Opportunities–Why Hand Tracking?

Our hands, with the dexterity afforded by our opposable thumbs, are one of the canonical features which separates us from non-human primates. We use our hands to gesture, feel, and interact with our environment almost every minute of our waking lives. When we are prevented from, or limited in, using our hands, we are profoundly impaired, with a range of once-mundane tasks becoming frustratingly awkward. Below, I briefly outline three significant potential benefits of having tracked hands in a virtual environment.

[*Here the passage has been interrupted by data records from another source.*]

Lemma hybr_step_least_below_supp y (P : U -> Prop) :
  Sp y -> (forall x, P x -> hybr_step x y) -> (exists x, P x) ->
  exists m, P m /\ forall x, P x -> m = x \/ hybr_step m x.
Proof.
  intros hy hP [x1 hx1].
  destruct (tree_least_below HT (P := fun v => exists x, P x /\ shadow x v) (proj1 hy))
    as [v0 [[x0 [hx0 hs0]] hmin]].
  { intros v [x [hx hv]]. exact (shadow_lt_below_supp (hP x hx) hy hv). }
  { destruct (shadow_exists (proj1 (hybr_step_nodes (hP x1 hx1)))) as [v hv]; eauto. }
  assert (fiber : forall x m, P x -> hybr_step x m -> shadow m v0 ->
            x = v0 \/ exists i, Im i x /\ Im i m /\ tlt (g i) x m).
  { intros x m hx hxm hm.
    destruct (shadow_exists (proj1 (hybr_step_nodes hxm))) as [v hv].
    assert (e : v = v0).
    { destruct (hybr_step_shadow_le hxm hv hm) as [e|l]; [exact e | exfalso].
      exact (tree_lt_not_ge HT l (hmin v (ex_intro _ x (conj hx hv)))). }
    rewrite e in hv. exact (hybr_step_same_shadow hxm hv hm). }
  assert (least_in_fiber : forall m, P m -> shadow m v0 ->
            (forall x, P x -> ~ hybr_step x m) ->
            exists m, P m /\ forall x, P x -> m = x \/ hybr_step m x).
  { intros m hm hsm nlt. exists m; split; [exact hm |]. intros x hx.
    destruct (hybr_step_comparable_below_supp hy (hP m hm) (hP x hx)) as [e|[l|l]];
      auto; exfalso; exact (nlt x hx l). }
  destruct (classic (P v0)) as [hv0|nv0].
  - assert (hsv0 : shadow v0 v0) by (left; split; [exact (shadow_supp hs0) | reflexivity]).
    apply (least_in_fiber v0 hv0 hsv0). intros x hx lxv.
    destruct (fiber x v0 hx lxv hsv0) as [e|[i [_ [hiv _]]]].
    + exact (hybr_step_neq lxv e).
    + exact (supp_impl_absurd (shadow_supp hs0) hiv).
  - destruct hs0 as [[_ e]|[i [hix0 e]]]; [subst; contradiction |].
    destruct (impl_below_supp (hP x0 hx0) hy hix0) as [r [hr [lry _]]].
    destruct (tree_least_below (graft_tree (graft i)) (P := fun x => P x /\ Im i x) (proj1 hr))
      as [m [[hm him] hmmin]].
    { intros x [hx hix]. destruct (impl_below_supp (hP x hx) hy hix) as [r' [hr' [lr'y l]]].
      rewrite (max_root_unique hr' hr lr'y lry) in l; exact l. }
    { eauto. }
    assert (hsm : shadow m v0) by (right; exists i; auto).
    apply (least_in_fiber m hm hsm). intros x hx lxm.
    destruct (fiber x m hx lxm hsm) as [->|[k [hkx [hkm l]]]]; [contradiction |].
    rewrite (impl_index_unique hkm him) in hkx, l.
    exact (tree_lt_not_ge (graft_tree (graft i)) l (hmmin x (conj hx hkx))).
Qed.

Lemma root_step_impl j y : Im j y -> hybr_step (o j) y.
Proof. intro hy. exact (step_enter (root_supp j) hy (or_introl eq_refl)). Qed.

Lemma step_into_impl_via_root j x y : hybr_step x y -> Im j y ->
  (Im j x /\ tlt (g j) x y) \/ x = o j \/ hybr_step x (o j).
Proof.
  intros hxy hy.
  destruct (step_into_impl hxy hy) as [h|[[hx [e|l]]|(i & r & _ & hx & hr & lr & l)]]; auto.
  - right; right; exact (step_supp hx (root_supp j) l).
  - right; right; exact (step_exit hx (root_supp j) hr lr l).
Qed.

Lemma hybr_step_comparable_below_impl j y a b :
  Im j y -> hybr_step a y -> hybr_step b y -> a = b \/ hybr_step a b \/ hybr_step b a.
Proof.
  intros hy hay hby.
  destruct (step_into_impl_via_root hay hy) as [[ha lay]|[->|hao]];
  destruct (step_into_impl_via_root hby hy) as [[hb lby]|[->|hbo]]; auto.
  - destruct (tree_le_comparable (graft_tree (graft j)) (or_intror lay) (or_intror lby))
      as [e|[l|l]]; auto.
    + right; left; exact (step_impl ha hb l).
    + right; right; exact (step_impl hb ha l).
  - right; right; exact (root_step_impl ha).
  - right; right; exact (hybr_step_trans hbo (root_step_impl ha)).
  - right; left; exact (root_step_impl hb).
  - right; left; exact (hybr_step_trans hao (root_step_impl hb)).
  - exact (hybr_step_comparable_below_supp (root_supp j) hao hbo).
Qed.

Lemma hybr_step_least_below_impl j y (P : U -> Prop) :
  Im j y -> (forall x, P x -> hybr_step x y) -> (exists x, P x) ->
  exists m, P m /\ forall x, P x -> m = x \/ hybr_step m x.
Proof.
  intros hy hP hne.
  destruct (classic (exists x, P x /\ hybr_step x (o j))) as [hbelow|nbelow].
  - destruct (hybr_step_least_below_supp (P := fun x => P x /\ hybr_step x (o j))
                (root_supp j) (fun x h => proj2 h) hbelow) as [m [[hm lmo] hmin]].
    exists m; split; [exact hm |]. intros x hx.
    destruct (step_into_impl_via_root (hP x hx) hy) as [[hix _]|[->|lxo]].
    + right; exact (hybr_step_trans lmo (root_step_impl hix)).
    + right; exact lmo.
    + exact (hmin x (conj hx lxo)).
  - assert (hP' : forall x, P x -> x = o j \/ (Im j x /\ tlt (g j) x y)).
    { intros x hx.
      destruct (step_into_impl_via_root (hP x hx) hy) as [h|[e|lxo]]; auto.
      exfalso; exact (nbelow (ex_intro _ x (conj hx lxo))). }
    destruct (classic (P (o j))) as [ho|no].
    + exists (o j); split; [exact ho |]. intros x hx.
      destruct (hP' x hx) as [e|[hix _]]; [left; auto | right; exact (root_step_impl hix)].
    + assert (hPj : forall x, P x -> Im j x /\ tlt (g j) x y).
      { intros x hx. destruct (hP' x hx) as [e|h]; [rewrite e in hx; contradiction | exact h]. }
      destruct (tree_least_below (graft_tree (graft j)) (P := P) (proj1 hy)
                  (fun x hx => proj2 (hPj x hx)) hne) as [m [hm hmin]].
      exists m; split; [exact hm |]. intros x hx.
      destruct (hmin x hx) as [e|l]; [left; exact e |].
      right; exact (step_impl (proj1 (hPj m hm)) (proj1 (hPj x hx)) l).
Qed.
Lemma perm_eq_cat_subset (T : eqType) (s t : seq T) : uniq s -> {subset s <= t} ->
  exists r, perm_eq t (s ++ r).
Proof.
elim: s t => [|x s IHs] t /=; first by exists t.
move=> /andP[s_x us] sub_st.
have t_x : x \in t by apply: sub_st; rewrite mem_head.
have sub_rem : {subset s <= rem x t}.
  move=> y s_y; apply: rem_mem; last by apply: sub_st; rewrite inE s_y orbT.
  by apply: contraNneq s_x => <-.
have [r perm_r] := IHs _ us sub_rem.
by exists r; rewrite (perm_trans (perm_to_rem t_x)) // perm_cons.
Qed.

Lemma uniq_flatten_permutations_cons (T : eqType) (s ds : seq T) : uniq ds ->
  uniq (flatten [seq permutations (d :: s) | d <- ds]).
Proof.
elim: ds => [|d ds IHds] //= /andP[ds_d uds].
rewrite cat_uniq permutations_uniq IHds // andbT.
apply/hasPn => w /flattenP[_ /mapP[d' ds_d' ->]]; rewrite !mem_permutations => perm_w.
apply/negP => perm_dw.
have perm_dd' : perm_eq (d :: s) (d' :: s) by rewrite -(permPl perm_dw).
have := seq.permP perm_dd' (pred1 d).
rewrite /= eqxx => /addIn /nat_of_bool_inj /esym /eqP eq_d'd.
by rewrite -eq_d'd ds_d' in ds_d.
Qed.

(* [nav p q] counts the 123-avoiding arrangements of distinct unread letters,
   p of them at most the current minimum a and q in (a, b] (see
   [nperm_avoid_uniq]); [nav_rep p q] is the same count when one of the letters
   is repeated (see [nperm_avoid_rep_uniq]). *)
Fixpoint nav (p q : nat) {struct p} : nat :=
  if p is p'.+1 then
    (fix nav_p q := if q is q'.+1 then nav_p q' + nav p' q'.+2 else nav p' 1) q
  else 1.

Lemma nav0 q : nav 0 q = 1. Proof. by []. Qed.
Lemma navS0 p : nav p.+1 0 = nav p 1. Proof. by []. Qed.
Lemma navSS p q : nav p.+1 q.+1 = nav p.+1 q + nav p q.+2. Proof. by []. Qed.
Arguments nav : simpl never.

Fixpoint nav_rep (p q : nat) {struct p} : nat :=
  if p is p'.+1 then
    (fix nav_rep_p q := if q is q'.+1 then
       nav_rep_p q' + nav p q'.+1 + nav p q' + nav_rep p' q'.+2 else nav_rep p' 1) q
  else q.

Lemma nav_rep0 q : nav_rep 0 q = q. Proof. by []. Qed.
Lemma nav_repS0 p : nav_rep p.+1 0 = nav_rep p 1. Proof. by []. Qed.
Lemma nav_repSS p q :
  nav_rep p.+1 q.+1 = nav_rep p.+1 q + nav p.+1 q.+1 + nav p.+1 q + nav_rep p q.+2.
Proof. by []. Qed.
Arguments nav_rep : simpl never.

Lemma sum_ord_shift (F : nat -> nat -> nat) p q :
  \sum_(i < p.+1) F i (p.+1 - i + q) = \sum_(i < p.+1) F i (p - i + q.+1).
Proof. by apply: eq_bigr => i _; congr F; have := ltn_ord i; lia. Qed.

Lemma nav_sum p q : \sum_(j < p.+1) nav j (p - j + q) = nav p q.+1.
Proof.
elim: p q => [|p IHp] q; first by rewrite big_ord1.
rewrite big_ord_recr /= subnn add0n.
rewrite (sum_ord_shift (fun i r => nav i r)) IHp.
by rewrite navSS addnC.
Qed.

Lemma nav_rec p q : 0 < p + q ->
  nav p q = \sum_(j < p) nav j (p.-1 - j + q) + (0 < q) * nav p q.-1.
Proof.
case: p => [|p] /=; first by case: q => // q _; rewrite big_ord0.
move=> _; rewrite nav_sum; case: q => [|q]; first by rewrite navS0 addn0.
by rewrite navSS mul1n addnC.
Qed.

Lemma nav_rep_sum p q :
  \sum_(j < p.+1) (nav j.+1 (p - j + q) + nav_rep j (p - j + q)) + nav p q.+1
  = nav_rep p q.+1 + nav p.+1 q.
Proof.
elim: p q => [|p IHp] q.
  by rewrite big_ord1 /= subnn add0n !nav_rep0 !nav0; lia.
rewrite big_ord_recr /= subnn add0n.
rewrite (sum_ord_shift (fun i r => nav i.+1 r + nav_rep i r)).
have := IHp q.+1; have := nav_repSS p q; have := navSS p q; lia.
Qed.

Lemma nav_rep_rec p q :
  nav_rep p q = \sum_(j < p) (nav j.+1 (p.-1 - j + q) + nav_rep j (p.-1 - j + q))
                + (0 < q) * (nav p q + nav_rep p q.-1).
Proof.
case: p => [|p] /=.
  by rewrite big_ord0 add0n; case: q => [|q] //; rewrite !nav_rep0 nav0 /=; lia.
have := nav_rep_sum p q; case: q => [|q] /=.
  by rewrite nav_repS0 navS0; lia.
by rewrite nav_repSS navSS; lia.
Qed.

(* The state (a, b): a is the least letter read so far, b the least letter read
   that exceeds an earlier one; both start at the alphabet size. *)
Fixpoint avoids123_from (a b : nat) (w : seq nat) : bool :=
  if w is x :: w' then
    (x <= b) && (if x <= a then avoids123_from x b w' else avoids123_from a x w')
  else true.

Fixpoint has_rise_above (lo : nat) (w : seq nat) : bool :=
  if w is x :: w' then ((lo < x) && has (fun y => x < y) w') || has_rise_above lo w'
  else false.

Fixpoint has_inc3 (w : seq nat) : bool :=
  if w is x :: w' then has_rise_above x w' || has_inc3 w' else false.

Lemma has_rise_above_mono lo lo' w :
  lo' <= lo -> has_rise_above lo w -> has_rise_above lo' w.
Proof.
move=> le_lo; elim: w => [|x w IHw] //= /orP[/andP[lo_x x_w]|/IHw ->].
  by rewrite (leq_ltn_trans le_lo lo_x) x_w.
by rewrite orbT.
Qed.

Lemma has_rise_above_has lo w : has_rise_above lo w -> has (fun y => lo < y) w.
Proof.
elim: w => [|x w IHw] //= /orP[/andP[-> _]|/IHw ->] //.
by rewrite orbT.
Qed.

Lemma avoids123_fromE a b w : a <= b ->
  avoids123_from a b w =
  [&& all (fun y => y <= b) w, ~~ has_rise_above a w & ~~ has_inc3 w].
Proof.
elim: w a b => [|x w IHw] a b le_ab //=.
case: (leqP x a) => [le_xa | lt_ax].
  rewrite (leq_trans le_xa le_ab) IHw /=; last exact: leq_trans le_xa le_ab.
  case: (has_rise_above x w) (@has_rise_above_mono a x w le_xa) => /=.
    by rewrite !andbF.
  by case: (has_rise_above a w) => [/(_ isT)|].
rewrite IHw; last exact: ltnW.
case le_xb: (x <= b) => //=.
case w_le_x: (all (fun y => y <= x) w) => /=; last first.
  have -> : has (fun y => x < y) w.
    by apply/hasP; move/negbT: w_le_x => /allPn[y w_y]; rewrite -ltnNge; exists y.
  by rewrite andbF.
have no_above : has (fun y => x < y) w = false.
  by apply/negbTE/hasPn => y /(allP w_le_x) /=; rewrite -leqNgt.
have -> : has_rise_above x w = false.
  by apply/negbTE; apply: contraFN no_above => /has_rise_above_has.
have -> : all (fun y => y <= b) w.
  by apply/allP => y /(allP w_le_x) /= le_yx; apply: leq_trans le_yx le_xb.
by rewrite no_above.
Qed.

Lemma avoids123_from_le a b w : avoids123_from a b w -> all (fun y => y <= b) w.
Proof.
elim: w a b => [|x w IHw] a b //= /andP[le_xb].
case: (x <= a) => /IHw; rewrite le_xb //= => w_le_x.
by apply/allP => y /(allP w_le_x) /= le_yx; apply: leq_trans le_yx le_xb.
Qed.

Opportunity 1–Increased Immersion and Presence

The degree to which a user can to perceive a virtual environment through the sensorimotor contingencies they would encounter in the physical environment is termed “immersion” (Slater and Sanchez-Vives, 2016). The subjective experience of being in a highly-immersive virtual environment is known as “presence”, and recent empirical evidence suggests that being able to see one’s tracked hands animated in real time in a virtual environment is an extremely compelling method of engagement (Voigt-Antons et al., 2020). Research has shown that we have an almost preternatural sense of our hand’s positions and shape when they are obscured (Dieter et al., 2014), and when our hands are removed from our visual worlds it is a stark reminder of our disembodiment. Indeed, we spend the majority of our time during various mundane tasks foveating our hands (Land, 2009), so removing them from the visual scene presumably has a range of consequences for our visuomotor behaviour.

Opportunity 2–More Effective Interaction

The next point to raise is that of interaction. A key goal of virtual reality is to allow the user to interact with the computer-generated environment in a natural fashion. This interaction can be achieved in its simplest form by the user by moving their head to experience the wide visual world. More modern VR experiences, however, usually involve some form of manual interaction, from opening doors to wielding weapons. Accurate tracking of the hands potentially allows for far more precise interactions that would be possible with controllers, adding not only to the user’s immersion (Argelaguet et al., 2016; Pyasik et al., 2020), but even the accuracy of their movements (Vosinakis and Koutsabasis, 2018), which seems particularly key in the context of training (Harris et al., 2020).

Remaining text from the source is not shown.